Data provided:
(* Let $G$ and $H$ be graphs, each with at least two vertices. (1) If $n_1,n_2\ge1$ and $r_1,r_2\in(0,1)$ with $r_1^2+r_2^2=1$ are such that $G$ admits a spherical embedding of dimension $n_1$ and radius $r_1$ and $H$ admits a spherical embedding of dimension $n_2$ and radius $r_2$, then $G+H$ has a unit-distance embedding in $\mathbb{R}^{n_1+n_2}$. (2) Conversely, if $G+H$ has a unit-distance embedding in $\mathbb{R}^n$, then there exist $n_1,n_2\ge1$ with $n_1+n_2=n$ and $r_1,r_2\in(0,1)$ with $r_1^2+r_2^2=1$ such that $G$ admits a spherical embedding of dimension $n_1$ and radius $r_1$ and $H$ admits a spherical embedding of dimension $n_2$ and radius $r_2$.
   Context: All graphs are finite and simple. A unit-distance embedding of a graph $G$ in $\mathbb{R}^n$ is an injective map $f$ from the vertex set of $G$ to $\mathbb{R}^n$ such that $|f(u)-f(v)|=1$ for every edge $uv$ and no point $f(w)$ lies on the segment $[f(u),f(v)]$ for an edge $uv$ with $w\notin\{u,v\}$ (edges may cross one another). $G$ admits a spherical embedding of dimension $k$ and radius $r$ if $G$ has a unit-distance embedding in $\mathbb{R}^k$ all of whose vertices lie on a sphere $\{x\in\mathbb{R}^k:|x-c|=r\}$. The sum $G+H$ is obtained from disjoint copies of $G$ and $H$ by adding all edges between a vertex of $G$ and a vertex of $H$. *)

From HB Require Import structures.
From mathcomp Require Import all_boot all_order all_algebra.
From mathcomp Require Import reals.
Set Implicit Arguments. Unset Strict Implicit. Unset Printing Implicit Defensive.
Import Order.TTheory GRing.Theory Num.Theory.
Local Open Scope ring_scope.

Definition simple_graph (T : finType) (e : rel T) : Prop :=
  symmetric e /\ irreflexive e.

Definition sqdist (R : realType) (n : nat) (x y : 'rV[R]_n) : R :=
  \sum_(i < n) (x 0 i - y 0 i) ^+ 2.

Definition edist (R : realType) (n : nat) (x y : 'rV[R]_n) : R :=
  Num.sqrt (sqdist x y).

Definition on_segment (R : realType) (n : nat) (a b w : 'rV[R]_n) : Prop :=
  exists t : R, 0 <= t <= 1 /\ w = (1 - t) *: a + t *: b.

Definition unit_dist_embedding (R : realType) (T : finType) (e : rel T)
    (n : nat) (f : T -> 'rV[R]_n) : Prop :=
  [/\ injective f,
      (forall u v, e u v -> edist (f u) (f v) = 1) &
      (forall u v w, e u v -> w != u -> w != v ->
         ~ on_segment (f u) (f v) (f w))].

Definition has_unit_dist_embedding (R : realType) (T : finType) (e : rel T)
    (n : nat) : Prop :=
  exists f : T -> 'rV[R]_n, unit_dist_embedding e f.

Definition spherical_embedding (R : realType) (T : finType) (e : rel T)
    (k : nat) (r : R) : Prop :=
  exists (f : T -> 'rV[R]_k) (c : 'rV[R]_k),
    unit_dist_embedding e f /\ forall x, edist (f x) c = r.

Definition graph_join (T1 T2 : finType) (e1 : rel T1) (e2 : rel T2)
    : rel (T1 + T2)%type :=
  fun x y => match x, y with
  | inl a, inl b => e1 a b
  | inr a, inr b => e2 a b
  | _, _ => true
  end.

From HB Require Import structures.
From mathcomp Require Import all_boot all_order all_algebra.
From mathcomp Require Import reals.
From mathcomp Require Import ring lra zify.
Import Order.TTheory GRing.Theory Num.Theory.
Local Open Scope ring_scope.
Set Implicit Arguments. Unset Strict Implicit. Unset Printing Implicit Defensive.

(* (1) If G sits on a sphere of radius r1 in R^n1 and H on a sphere of radius
   r2 in R^n2, centre both spheres at the origin and place them in the two
   orthogonal factors of R^n1 x R^n2.  Every vertex of G is then at distance
   sqrt (r1^2 + r2^2) = 1 from every vertex of H, and no vertex lies on an
   edge of the other factor or on a "cross" edge (lemma [join_embedding]).

   (2) Conversely, let F embed G + H in R^n with P = F on G and Q = F on H.
   All cross distances are 1, so by polarization the difference vectors
   P a - P a0 are orthogonal to the differences Q b - Q b0.  Gram-Schmidt
   gives an orthonormal basis s1 ++ s2 of R^n in which s1 spans the first
   family; in these coordinates P lives on a sphere of the s1-factor and Q
   on a sphere of the s2-factor, and Pythagoras shows that the two squared
   radii add up to 1 (section [JoinSplit]).  Distances are preserved and the
   coordinate maps have affine inverses on the two point sets, which carries
   the unit-distance embedding over ([unit_dist_embedding_lift]). *)

Section InnerProduct.
Variables (R : realType) (n : nat).
Implicit Types (x y z c : 'rV[R]_n).

Definition dot x y : R := \sum_(i < n) x 0 i * y 0 i.

Lemma dotC x y : dot x y = dot y x.
Proof. by apply: eq_bigr => i _; rewrite mulrC. Qed.

Lemma dotDl x y z : dot (x + y) z = dot x z + dot y z.
Proof. by rewrite /dot -big_split; apply: eq_bigr => i _; rewrite !mxE mulrDl. Qed.

Lemma dotZl (a : R) x z : dot (a *: x) z = a * dot x z.
Proof. by rewrite /dot mulr_sumr; apply: eq_bigr => i _; rewrite !mxE mulrA. Qed.

Lemma dotBl x y z : dot (x - y) z = dot x z - dot y z.
Proof. by rewrite dotDl -scaleN1r dotZl mulN1r. Qed.

Lemma dot_suml m (F : 'I_m -> 'rV[R]_n) z :
  dot (\sum_(i < m) F i) z = \sum_(i < m) dot (F i) z.
Proof. by rewrite /dot exchange_big; apply: eq_bigr => j _; rewrite summxE mulr_suml. Qed.

Lemma dotDr x y z : dot z (x + y) = dot z x + dot z y.
Proof. by rewrite dotC dotDl !(dotC z). Qed.

Lemma dotZr (a : R) x z : dot z (a *: x) = a * dot z x.
Proof. by rewrite dotC dotZl dotC. Qed.

Lemma dotBr x y z : dot z (x - y) = dot z x - dot z y.
Proof. by rewrite dotC dotBl !(dotC z). Qed.

Lemma dot_sumr m (F : 'I_m -> 'rV[R]_n) z :
  dot z (\sum_(i < m) F i) = \sum_(i < m) dot z (F i).
Proof. by rewrite dotC dot_suml; apply: eq_bigr => i _; rewrite dotC. Qed.

Lemma dot_ge0 x : 0 <= dot x x.
Proof. by apply: sumr_ge0 => i _; rewrite -expr2 sqr_ge0. Qed.

Lemma dot_eq0 x : dot x x = 0 -> x = 0.
Proof.
move/eqP; rewrite psumr_eq0 => [/allP x0|i _]; last by rewrite -expr2 sqr_ge0.
apply/rowP => j; rewrite mxE.
by have /= := x0 j (mem_index_enum _); rewrite -expr2 sqrf_eq0 => /eqP.
Qed.

Lemma dot_gt0 x : x != 0 -> 0 < dot x x.
Proof. by move=> x0; rewrite lt_def dot_ge0 andbT; apply: contra x0 => /eqP/dot_eq0 ->. Qed.

Lemma sqdistE x y : sqdist x y = dot (x - y) (x - y).
Proof. by apply: eq_bigr => i _; rewrite !mxE expr2. Qed.

Lemma sqdistC x y : sqdist x y = sqdist y x.
Proof. by apply: eq_bigr => i _; rewrite -sqrrN opprB. Qed.

Lemma sqdist_ge0 x y : 0 <= sqdist x y.
Proof. by rewrite sqdistE dot_ge0. Qed.

Lemma sqdist_eq0 x y : sqdist x y = 0 -> x = y.
Proof. by rewrite sqdistE => /dot_eq0 /eqP; rewrite subr_eq0 => /eqP. Qed.

Lemma sqdist_xx x : sqdist x x = 0.
Proof. by apply: big1 => i _; rewrite subrr expr0n. Qed.

Lemma sqdist_translate x y c : sqdist (x - c) (y - c) = sqdist x y.
Proof. by rewrite !sqdistE opprB addrA subrK. Qed.

Lemma sqdist_sub0 x c : sqdist (x - c) 0 = sqdist x c.
Proof. by rewrite !sqdistE subr0. Qed.

Lemma edist_sq x y (r : R) : edist x y = r -> sqdist x y = r ^+ 2.
Proof. by rewrite /edist => <-; rewrite sqr_sqrtr // sqdist_ge0. Qed.

Lemma polarization x x0 y y0 :
  2 * dot (x - x0) (y - y0) = sqdist x y0 + sqdist x0 y - sqdist x y - sqdist x0 y0.
Proof.
rewrite /sqdist /dot mulr_sumr -big_split -!sumrB /=.
by apply: eq_bigr => i _; rewrite !mxE; ring.
Qed.

Lemma on_segment_sym x y w : on_segment x y w -> on_segment y x w.
Proof.
case=> t [/andP [t0 t1] ->]; exists (1 - t); split; first by apply/andP; lra.
by rewrite addrC (_ : 1 - (1 - t) = t) //; ring.
Qed.

Lemma dim_gt0 (x y : 'rV[R]_n) : x != y -> (0 < n)%N.
Proof. by case: n x y => // x y; rewrite !thinmx0 eqxx. Qed.

End InnerProduct.

Lemma sqdist_row_mx (R : realType) (k m : nat) (a a' : 'rV[R]_k) (b b' : 'rV[R]_m) :
  sqdist (row_mx a b) (row_mx a' b') = sqdist a a' + sqdist b b'.
Proof.
rewrite /sqdist big_split_ord /=; congr (_ + _); apply: eq_bigr => i _;
  by rewrite ?row_mxEl ?row_mxEr.
Qed.
Lemma kleinman_stable_psd k : hurwitz (As + H *m b k) /\ possemidef (X k).
Proof.
elim: k => [|k [stable_k psd_k]].
  by split=> //; exact: lyapunov_possemidef b0_stable (lyap_X 0) (possemidef_gram _).
have eq := kleinman_next_lyap psd_k.1.
have stable_k1 : hurwitz (As + H *m b k.+1).
  apply: (lyap_feedback_hurwitz (H := - H) _ eq psd_k (possemidef_gram _)).
  by rewrite mulNmx addrK.
by split=> //; exact: lyapunov_possemidef stable_k1 (lyap_X k.+1) (possemidef_gram _).
Qed.

Lemma kleinman_decreasing k : loewner_le (X k.+1) (X k).
Proof.
have [[stable_k1 _] [_ [Xsym _]]] := (kleinman_stable_psd k.+1, kleinman_stable_psd k).
apply: (lyapunov_possemidef stable_k1 _ (possemidef_gram (b k - b k.+1))).
rewrite lyapB -(subrr 0) -{1}(kleinman_next_lyap Xsym) -(lyap_X k.+1).
move: (lyap _ (X k)) (lyap _ (X k.+1)) => a c.
by rewrite [RHS]addrAC opprD addrACA subrr addr0.
Qed.

Lemma kleinman_cvg0 : mxcvg X 0.
Proof.
have [Xinf XXinf psd_Xinf] := mxcvg_nonincreasing_psd
  (fun k => (kleinman_stable_psd k).2) kleinman_decreasing.
suff Xinf0 : Xinf = 0 by rewrite -Xinf0.
pose G (Y : 'M[R]_n) := (H^T *m Y)^T *m (H^T *m Y).
have cvgG : mxcvg (fun k => G (X k)) (G Xinf).
  by apply: mxcvgM; [apply: mxcvgT|]; apply: mxcvgM => //; exact: mxcvg_cst.
have cvgA : mxcvg (fun k => As - H *m (H^T *m X k)) (As - H *m (H^T *m Xinf)).
  apply: mxcvgD; first exact: mxcvg_cst.
  by apply/mxcvgN/mxcvgM; [exact: mxcvg_cst | apply: mxcvgM => //; exact: mxcvg_cst].
have := mxcvgD (mxcvg_lyap cvgA (mxcvg_shiftS XXinf)) cvgG.
have -> : (fun k => lyap (As - H *m (H^T *m X k)) (X k.+1) + G (X k)) = fun=> 0.
  apply/funext => k; rewrite -(lyap_X k.+1) b_next mulmxN /G.
  by rewrite trmxN mulNmx mulmxN opprK.
move/(mxcvg_unique (mxcvg_cst (M := 0))) => lim_eq.
have : lyap As (- Xinf) + G Xinf = 0.
  have := lyap_feedback_square As H 0 psd_Xinf.1.
  rewrite !mulmx0 !addr0 add0r -/(G Xinf) -lim_eq add0r.
  by rewrite lyapN => ->; rewrite addNr.
move/(lyapunov_possemidef As_stable)/(_ (possemidef_gram _)).
exact: possemidef_anti.
Qed.

End KleinmanIteration.

Lemma riccati_lyap_gap (F : fieldType) n q (AK PK P Q : 'M[F]_n) (D : 'M[F]_(n, q))
    (L : 'M[F]_(q, n)) (g : F) :
  g != 0 -> PK^T = PK ->
  AK^T *m PK + PK *m AK + Q + g^-2 *: (PK *m D *m D^T *m PK) = 0 ->
  (AK + D *m L)^T *m P + P *m (AK + D *m L) + Q - g ^+ 2 *: (L^T *m L) = 0 ->
  lyap (AK + D *m L) (PK - P)
  + (g *: (L - g^-2 *: (D^T *m PK)))^T *m (g *: (L - g^-2 *: (D^T *m PK))) = 0.
Proof.
move=> g0 PKsym ric lyapP; rewrite -(subrr 0) -{1}ric -lyapP /lyap.
rewrite !(trmxD, trmxN, trmxZ, trmx_mul, trmxK) PKsym.
rewrite -!(scalemxAl, scalemxAr) !(mulmxDl, mulmxDr, mulNmx, mulmxN).
rewrite -!(scalemxAl, scalemxAr) !(scalerDr, scalerN, scalerA) !mulmxA.
by apply/matrixP => ? ?; rewrite !mxE; field.
Qed.

Theorem lemma6 (R : realType) (n m p q : nat)
  (A : 'M[R]_n) (B : 'M[R]_(n, m)) (C : 'M[R]_(p, n)) (D : 'M[R]_(n, q))
  (E : 'M[R]_(p, m)) (gamma : R)
  (hQ : posdef (C^T *m C)) (hEC : E^T *m C = 0) (hR : posdef (E^T *m E))
  (hgamma : 0 < gamma)
  (K : 'M[R]_(m, n)) (hK : admissible A B C D E gamma K)
  (PK : 'M[R]_n)
  (hPK_pd : posdef PK)
  (hPK_ric : (A - B *m K)^T *m PK + PK *m (A - B *m K)
             + (C^T *m C + K^T *m (E^T *m E) *m K)
             + gamma^-2 *: (PK *m D *m D^T *m PK) = 0)
  (hPK_stab : hurwitz (A - B *m K + gamma^-2 *: (D *m D^T *m PK)))
  (L : nat -> 'M[R]_(q, n)) (P : nat -> 'M[R]_n)
  (hL0 : hurwitz (A - B *m K + D *m L 0%N))
  (hP : forall j : nat,
      (A - B *m K + D *m L j)^T *m P j + P j *m (A - B *m K + D *m L j)
      + (C^T *m C + K^T *m (E^T *m E) *m K)
      - gamma ^+ 2 *: ((L j)^T *m L j) = 0)
  (hL : forall j : nat, L j.+1 = gamma^-2 *: ((D^T) *m P j)) :
  (forall j : nat, (0 < j)%N -> hurwitz (A - B *m K + D *m L j)) /\
  (forall j : nat, loewner_le (P j) (P j.+1) /\ loewner_le (P j) PK) /\
  ((fun j => frob (P j - PK)) @ \oo --> (0 : R^o)).
Proof.
have g0 : gamma != 0 by rewrite gt_eqF.
set AK := A - B *m K in hPK_ric hPK_stab hL0 hP *.
pose Ls := gamma^-2 *: (D^T *m PK); pose H := gamma^-1 *: D.
pose b k := gamma *: (L k - Ls); pose X k := PK - P k.
have closed_loop k : AK + D *m Ls + H *m b k = AK + D *m L k.
  have -> : H *m b k = D *m (L k - Ls).
    by rewrite /H /b -scalemxAl -scalemxAr scalerA mulVf // scale1r.
  by rewrite mulmxBr addrA addrAC addrK.
have As_stable : hurwitz (AK + D *m Ls).
  suff <- : gamma^-2 *: (D *m D^T *m PK) = D *m Ls by exact: hPK_stab.
  by rewrite /Ls -scalemxAr mulmxA.
have b0_stable : hurwitz (AK + D *m Ls + H *m b 0) by rewrite closed_loop; exact: hL0.
have lyap_X k : lyap (AK + D *m Ls + H *m b k) (X k) + (b k)^T *m b k = 0.
  by rewrite closed_loop; exact: riccati_lyap_gap g0 hPK_pd.1 hPK_ric (hP k).
have b_next k : b k.+1 = - (H^T *m X k).
  rewrite /b /H /X /Ls hL trmxZ -scalemxAl mulmxBr.
  by apply/matrixP => ? ?; rewrite !mxE; field.
have stable_psd := kleinman_stable_psd As_stable b0_stable lyap_X b_next.
split; first by move=> j _; rewrite -closed_loop; exact: (stable_psd j).1.
split=> [j|].
  split; last exact: (stable_psd j).2.
  rewrite /loewner_le -(_ : X j - X j.+1 = P j.+1 - P j); last first.
    by rewrite /X opprB addrC addrA subrK.
  exact: kleinman_decreasing As_stable b0_stable lyap_X b_next j.
apply: cvg_frob0; rewrite -oppr0.
have -> : (fun j => P j - PK) = fun j => - X j by apply/funext => j; rewrite opprB.
exact/mxcvgN/(kleinman_cvg0 As_stable b0_stable lyap_X b_next).
Qed.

Exercise brief:
Where the string "forall" occurs in a line of the material above, copy the whole line.

Solution for this problem:
      (forall u v, e u v -> edist (f u) (f v) = 1) &
      (forall u v w, e u v -> w != u -> w != v ->
    unit_dist_embedding e f /\ forall x, edist (f x) c = r.
  (hP : forall j : nat,
  (hL : forall j : nat, L j.+1 = gamma^-2 *: ((D^T) *m P j)) :
  (forall j : nat, (0 < j)%N -> hurwitz (A - B *m K + D *m L j)) /\
  (forall j : nat, loewner_le (P j) (P j.+1) /\ loewner_le (P j) PK) /\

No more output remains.